Marin laughed, shaking her head and smiling at Emonael, considering her demonic nature for a moment before she spoke softly. “I doubt that, Emonael. You’ll outlive me by a long, long time . . . and your starting point will be far beyond my own. You had better surpass me, you hear me?”
“I’ll do my best, Teacher. I promise,” Emonael replied happily, smiling more. After a pause, she continued. “So, in the fight with the drakes I noticed something interesting. As one of them was breathing in for its fire breath, I noticed an odd tone to the sound of the inhalation. Do you think that it was actually forming the sounds needed for a natural fire spell of sorts?”
“That’s entirely possible. I’ve long wondered how the first magi learned to cast spells. The most likely answer is that they learned from the gods, or other beings of power.
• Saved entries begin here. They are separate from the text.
Section Spiral.
Variable R : realFieldType.
Variable T : finType.
Variable p : T -> (R * R)%type.
Hypothesis gp : general_position p.

Lemma ladder_of_square n (s : seq T) (x0 : T) (c : T -> T -> bool) col :
  size s = (2 * n)%N -> uniq s ->
  noncrossing p (fun x y => (x, y) \in square_edges s) ->
  (forall x y, x \in s -> y \in s -> x != y -> c x y = col) ->
  exists phi, mono_noncrossing_copy p (@ladder_adj n) c col phi.
Proof.
move=> hs us hN hc.
pose phi (v : ('I_n + 'I_n)%type) := nth x0 s (ladder_index v).
have inj : injective phi.
  move=> v w /eqP; rewrite /phi nth_uniq ?hs ?ladder_index_lt // => /eqP.
  exact: ladder_index_inj.
have adj_neq (v w : ('I_n + 'I_n)%type) : ladder_adj v w -> v != w.
  by move=> /ladder_adj_index h; apply/eqP => evw; rewrite evw in h; case: h; lia.
exists phi; apply: (ladder_copy_of_edges
  (E := fun x y => (x, y) \in square_edges s \/ (y, x) \in square_edges s)) => //.
- move=> v w a; apply: hc; rewrite ?mem_nth ?hs ?ladder_index_lt //.
  by apply: contraNneq (adj_neq _ _ a) => /inj ->.
- have next k : (k.+1 < 2 * n)%N -> (nth x0 s k, nth x0 s k.+1) \in square_edges s.
    by rewrite -hs; apply: square_edges_next.
  have next2 k : (k.+2 < 2 * n)%N -> (nth x0 s k, nth x0 s k.+2) \in square_edges s.
    by rewrite -hs; apply: square_edges_next2.
  move=> v w /ladder_adj_index; rewrite /phi.
  move: (ladder_index_lt v) (ladder_index_lt w).
  move: (ladder_index v) (ladder_index w) => i j hi hj.
  by case=> eij; [left|left|right|right]; rewrite eij;
    [apply: next|apply: next2|apply: next|apply: next2]; lia.
- exact: noncrossing_symmetrize.
Qed.

Lemma extreme_point (a b : T) (e : R) (s : seq T) : is_sign e -> s != [::] ->
  (forall x, x \in s -> 0 < e * det3 (p a) (p b) (p x)) ->
  (forall x y, x \in s -> y \in s -> x != y -> det3 (p b) (p x) (p y) != 0) ->
  exists2 c, c \in s & forall x, x \in s -> x != c -> 0 < e * det3 (p b) (p x) (p c).
Proof.
move=> he; elim: s => [//|y s IH] _ hs hgp.
have [->|sn] := altP (s =P [::]).
  by exists y; rewrite ?mem_head // => x; rewrite inE => /eqP ->; rewrite eqxx.
have ms x : x \in s -> x \in y :: s by move=> xs; rewrite inE xs orbT.
have [c cs hc] := IH sn (fun x xs => hs x (ms x xs))
  (fun x z xs zs => hgp x z (ms x xs) (ms z zs)).
have [yc|yc] := eqVneq y c.
  exists c; first by rewrite inE cs orbT.
  by move=> x; rewrite inE => /orP [/eqP ->|xs]; [rewrite yc eqxx|exact: hc].
have ys : y \in y :: s by rewrite mem_head.
case: (sign_split he (hgp _ _ ys (ms _ cs) yc)) => h.
  by exists (c); [exact: ms|move=> x; rewrite inE => /orP [/eqP ->|xs] //; exact: hc].
rewrite -det3_swap in h.
exists y => // x; rewrite inE => /orP [/eqP ->|xs]; first by rewrite eqxx.
move=> xy; have [->|xc] := eqVneq x c; first exact: h.
apply: (@orient_trans _ (p a) (p b) (p x) (p c) (p y) e e) => //.
- exact: hs (ms _ xs).
- exact: hs (ms _ cs).
- exact: hs.
- exact: hc.
Qed.

Lemma fan_meet_at_ends (a b c w x y : T) (f : R) : (w = b \/ w = c) ->
  0 <= f * det3 (p b) (p c) (p x) -> 0 <= f * det3 (p b) (p c) (p y) ->
  f * det3 (p b) (p c) (p a) < 0 -> x != y -> meet_at_ends p a w x y.
Proof.
move=> hw hx hy ha xy z h1 h2.
have [t [t0 t1 ez]] := h1; have [s [s0 s1 ez2]] := h2.
have hDw : det3 (p b) (p c) (p w) = 0 by case: hw => ->; rewrite ?det3_aba ?det3_abb.
have e1 : det3 (p b) (p c) z = (1 - t) * det3 (p b) (p c) (p a).
  have -> : det3 (p b) (p c) z =
      (1 - t) * det3 (p b) (p c) (p a) + t * det3 (p b) (p c) (p w).
    by rewrite ez /det3 /=; ring.
  by rewrite hDw mulr0 addr0.
have e2 : det3 (p b) (p c) z =
    (1 - s) * det3 (p b) (p c) (p x) + s * det3 (p b) (p c) (p y).
  by rewrite ez2 /det3 /=; ring.
have t_one : t = 1.
  have hge : 0 <= (1 - t) * (f * det3 (p b) (p c) (p a)).
    by rewrite mulrCA -e1 e2; nra.
  apply/eqP; rewrite eq_le t1 /= leNgt; apply/negP => tlt.
  by move: hge; rewrite pmulr_rge0 ?subr_gt0 // leNgt ha.
have ezw : z = p w.
  by rewrite ez t_one; case: (p a) (p w) => [a1 a2] [w1 w2] /=; congr pair; ring.
rewrite ezw in h2 *.
have [wx|wx] := eqVneq w x; first by exists w; split; [right|left|].
have [wy|wy] := eqVneq w y; first by exists w; split; [right|right|].
by exfalso; apply: (gp_not_on_seg gp xy _ _ h2); rewrite eq_sym.
Qed.

(* Points S all strictly on one side of the line ab can be ordered as
   a, b, c_1, ..., c_m so that each point is joined to the next two without
   crossings: c_1 is chosen extreme around b, and the rest is ordered
   recursively starting from b, c_1; the new edges a b and a c_1 lie on the
   other side of the line b c_1. *)
Lemma spiral m : forall (a b : T) (S : seq T) e, size S = m ->
  uniq [:: a, b & S] -> is_sign e ->
  (forall x, x \in S -> 0 < e * det3 (p a) (p b) (p x)) ->
  exists rest, perm_eq rest S /\
    noncrossing p (fun x y => (x, y) \in square_edges [:: a, b & rest]).
Proof.
elim: m => [|m IH] a b S e hS hu he hpos.
  move/size0nil: hS => ->; exists [::]; split => // x y x' y'.
  by rewrite /= !inE => /eqP [-> ->] /eqP [-> ->] ns; exfalso; apply: ns; left.
have Sn : S != [::] by apply: contra_eqN hS => /eqP ->.
move: hu; rewrite /= !inE negb_or => /and3P [/andP [ab aS] bS uS].
have gen x y : x \in S -> y \in S -> x != y -> det3 (p b) (p x) (p y) != 0.
  by move=> xS yS xy; apply: gp_det_neq0 => //; [apply: contraNneq bS => ->|
    apply: contraNneq bS => ->].
have [c cS hc] := extreme_point he Sn hpos gen.
have bc : b != c by apply: contraNneq bS => ->.
have ac : a != c by apply: contraNneq aS => ->.
set S' := rem c S.
have uS' : uniq S' by rewrite rem_uniq.
have cS' : c \notin S' by rewrite (mem_rem_uniq _ uS) inE eqxx.
have bS' : b \notin S' by apply: contra bS => /mem_rem.
have hu' : uniq [:: b, c & S'] by rewrite /= !inE negb_or bc bS' cS' uS'.
have hpos' x : x \in S' -> 0 < - e * det3 (p b) (p c) (p x).
  rewrite (mem_rem_uniq _ uS) inE => /andP [xc xS].
  by rewrite (det3_swap (p b) (p x) (p c)) mulrNN; apply: hc.
have hS' : size S' = m by rewrite size_rem // hS.
have [rest [prest hN]] := IH b c S' (- e) hS' hu' (is_signN he) hpos'.
exists (c :: rest); split.
  rewrite perm_sym; apply: (perm_trans (perm_to_rem cS)); by rewrite perm_cons perm_sym.
have ur : uniq [:: b, c & rest].
  by rewrite (perm_uniq (_ : perm_eq _ [:: b, c & S'])) // !perm_cons.
have side q : q \in [:: b, c & rest] -> 0 <= - e * det3 (p b) (p c) (p q).
  rewrite !inE => /orP [/eqP ->|/orP [/eqP ->|qr]].
  - by rewrite det3_aba mulr0.
  - by rewrite det3_abb mulr0.
  - by apply/ltW/hpos'; rewrite -(perm_mem prest).
have aneg : - e * det3 (p b) (p c) (p a) < 0.
  by rewrite -det3_cyc mulNr oppr_lt0; apply: hpos.
have new_old w x y : (w = b \/ w = c) -> (x, y) \in square_edges [:: b, c & rest] ->
    meet_at_ends p a w x y.
  move=> hw /square_edges_mem [xi yi /(_ ur) xy].
  exact: (fan_meet_at_ends hw (side x xi) (side y yi) aneg xy).
have esq : square_edges [:: a, b, c & rest] =
    [:: (a, b), (a, c) & square_edges [:: b, c & rest]] by rewrite /= take0.
apply: (eq_ind_r (fun s => noncrossing p (fun x y => (x, y) \in s)) _ esq).
move=> x y x' y'; rewrite !inE.
move=> /orP [/eqP [-> ->]|/orP [/eqP [-> ->]|o1]].
all: move=> /orP [/eqP [-> ->]|/orP [/eqP [-> ->]|o2]] ns.
- by exfalso; apply: ns; left.
- by move=> z h1 h2; exists a; split; [left|left|exact: gp_common_end ab bc ac h1 h2].
- by apply: new_old o2; left.
- move=> z h1 h2; exists a; split; [by left|by left|].
  by apply: gp_common_end ac _ ab h1 h2 => //; rewrite eq_sym.
- by exfalso; apply: ns; left.
- by apply: new_old o2; right.
- by apply: meet_at_ends_sym; apply: new_old o1; left.
- by apply: meet_at_ends_sym; apply: new_old o1; right.
- exact: hN.
Qed.
End Spiral.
It’s also possible that they tried to mimic the fey, elementals, or other natural spellcasters,” Marin replied, smiling as she continued toward the tower. “It’s even possible some tried to copy monsters with innate magic of their own, like fire drakes and other creatures. I honestly don’t know. I know that dwarves have a strange, rune-based form of forging magic into metal and stone, but I’ve spent my life on just one form of magic, adding an entire second field would take more time than even an elven life could encompass.”